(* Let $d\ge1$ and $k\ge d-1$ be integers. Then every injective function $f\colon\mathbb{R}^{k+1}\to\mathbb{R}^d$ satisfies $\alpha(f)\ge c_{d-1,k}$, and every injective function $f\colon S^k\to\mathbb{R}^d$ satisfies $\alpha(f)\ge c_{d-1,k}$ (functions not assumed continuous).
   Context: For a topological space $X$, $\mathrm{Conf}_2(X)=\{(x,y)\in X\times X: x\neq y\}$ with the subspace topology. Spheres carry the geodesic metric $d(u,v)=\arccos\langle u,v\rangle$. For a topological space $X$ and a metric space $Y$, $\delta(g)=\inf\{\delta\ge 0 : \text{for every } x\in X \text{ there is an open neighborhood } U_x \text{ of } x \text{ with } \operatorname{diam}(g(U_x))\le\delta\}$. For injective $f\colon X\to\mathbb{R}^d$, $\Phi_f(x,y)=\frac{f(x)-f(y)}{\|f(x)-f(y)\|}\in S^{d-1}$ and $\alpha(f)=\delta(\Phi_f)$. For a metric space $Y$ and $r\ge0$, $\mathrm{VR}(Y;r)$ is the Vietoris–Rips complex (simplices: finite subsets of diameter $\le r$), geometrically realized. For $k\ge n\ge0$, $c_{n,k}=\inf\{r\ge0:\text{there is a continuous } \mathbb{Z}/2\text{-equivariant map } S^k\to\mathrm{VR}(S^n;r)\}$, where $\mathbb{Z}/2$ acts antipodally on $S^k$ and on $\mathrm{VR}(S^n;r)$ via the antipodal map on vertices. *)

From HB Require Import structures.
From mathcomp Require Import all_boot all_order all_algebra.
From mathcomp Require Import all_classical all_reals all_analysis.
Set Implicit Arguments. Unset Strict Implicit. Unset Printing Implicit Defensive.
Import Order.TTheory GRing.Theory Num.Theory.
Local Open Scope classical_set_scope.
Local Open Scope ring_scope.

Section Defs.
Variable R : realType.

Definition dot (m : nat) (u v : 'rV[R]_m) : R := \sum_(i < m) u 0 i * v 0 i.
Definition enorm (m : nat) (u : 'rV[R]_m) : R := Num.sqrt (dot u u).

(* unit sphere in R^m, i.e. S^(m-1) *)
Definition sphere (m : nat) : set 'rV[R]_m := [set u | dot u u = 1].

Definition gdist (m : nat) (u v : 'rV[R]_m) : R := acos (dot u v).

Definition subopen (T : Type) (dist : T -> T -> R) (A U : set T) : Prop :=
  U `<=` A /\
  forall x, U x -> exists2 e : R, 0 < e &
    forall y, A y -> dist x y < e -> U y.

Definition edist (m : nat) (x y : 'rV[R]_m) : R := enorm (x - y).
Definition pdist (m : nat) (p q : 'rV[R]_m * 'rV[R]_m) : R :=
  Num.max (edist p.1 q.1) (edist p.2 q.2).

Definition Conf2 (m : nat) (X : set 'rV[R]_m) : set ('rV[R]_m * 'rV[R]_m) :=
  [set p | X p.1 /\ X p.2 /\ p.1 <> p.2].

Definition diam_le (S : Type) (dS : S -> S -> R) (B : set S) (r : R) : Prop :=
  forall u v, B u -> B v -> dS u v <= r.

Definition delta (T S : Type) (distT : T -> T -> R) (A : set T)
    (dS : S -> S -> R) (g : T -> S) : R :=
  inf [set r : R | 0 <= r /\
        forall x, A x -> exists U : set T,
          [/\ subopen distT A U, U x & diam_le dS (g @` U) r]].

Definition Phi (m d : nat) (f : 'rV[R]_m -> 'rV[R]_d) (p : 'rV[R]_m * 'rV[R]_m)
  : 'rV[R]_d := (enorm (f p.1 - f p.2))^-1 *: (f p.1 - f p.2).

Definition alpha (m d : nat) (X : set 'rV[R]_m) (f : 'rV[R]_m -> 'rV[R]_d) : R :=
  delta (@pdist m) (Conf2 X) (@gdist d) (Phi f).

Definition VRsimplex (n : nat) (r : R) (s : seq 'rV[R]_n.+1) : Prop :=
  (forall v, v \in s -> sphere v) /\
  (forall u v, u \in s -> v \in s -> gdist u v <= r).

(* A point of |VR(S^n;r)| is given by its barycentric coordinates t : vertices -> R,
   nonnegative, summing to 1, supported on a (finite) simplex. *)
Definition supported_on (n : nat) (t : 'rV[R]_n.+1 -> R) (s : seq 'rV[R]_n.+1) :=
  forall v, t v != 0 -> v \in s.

> _WHAT THE TASK ASKS_:
Only one stretch of the records above is wanted: the lines between the one holding "Definition pdist (m" and the one holding "(forall v, v \in s -> sphere v) /\", inclusive, reproduced exactly.

> _OUTPUT FOR THIS TASK_:
Definition pdist (m : nat) (p q : 'rV[R]_m * 'rV[R]_m) : R :=
  Num.max (edist p.1 q.1) (edist p.2 q.2).

Definition Conf2 (m : nat) (X : set 'rV[R]_m) : set ('rV[R]_m * 'rV[R]_m) :=
  [set p | X p.1 /\ X p.2 /\ p.1 <> p.2].

Definition diam_le (S : Type) (dS : S -> S -> R) (B : set S) (r : R) : Prop :=
  forall u v, B u -> B v -> dS u v <= r.

Definition delta (T S : Type) (distT : T -> T -> R) (A : set T)
    (dS : S -> S -> R) (g : T -> S) : R :=
  inf [set r : R | 0 <= r /\
        forall x, A x -> exists U : set T,
          [/\ subopen distT A U, U x & diam_le dS (g @` U) r]].

Definition Phi (m d : nat) (f : 'rV[R]_m -> 'rV[R]_d) (p : 'rV[R]_m * 'rV[R]_m)
  : 'rV[R]_d := (enorm (f p.1 - f p.2))^-1 *: (f p.1 - f p.2).

Definition alpha (m d : nat) (X : set 'rV[R]_m) (f : 'rV[R]_m -> 'rV[R]_d) : R :=
  delta (@pdist m) (Conf2 X) (@gdist d) (Phi f).

Definition VRsimplex (n : nat) (r : R) (s : seq 'rV[R]_n.+1) : Prop :=
  (forall v, v \in s -> sphere v) /\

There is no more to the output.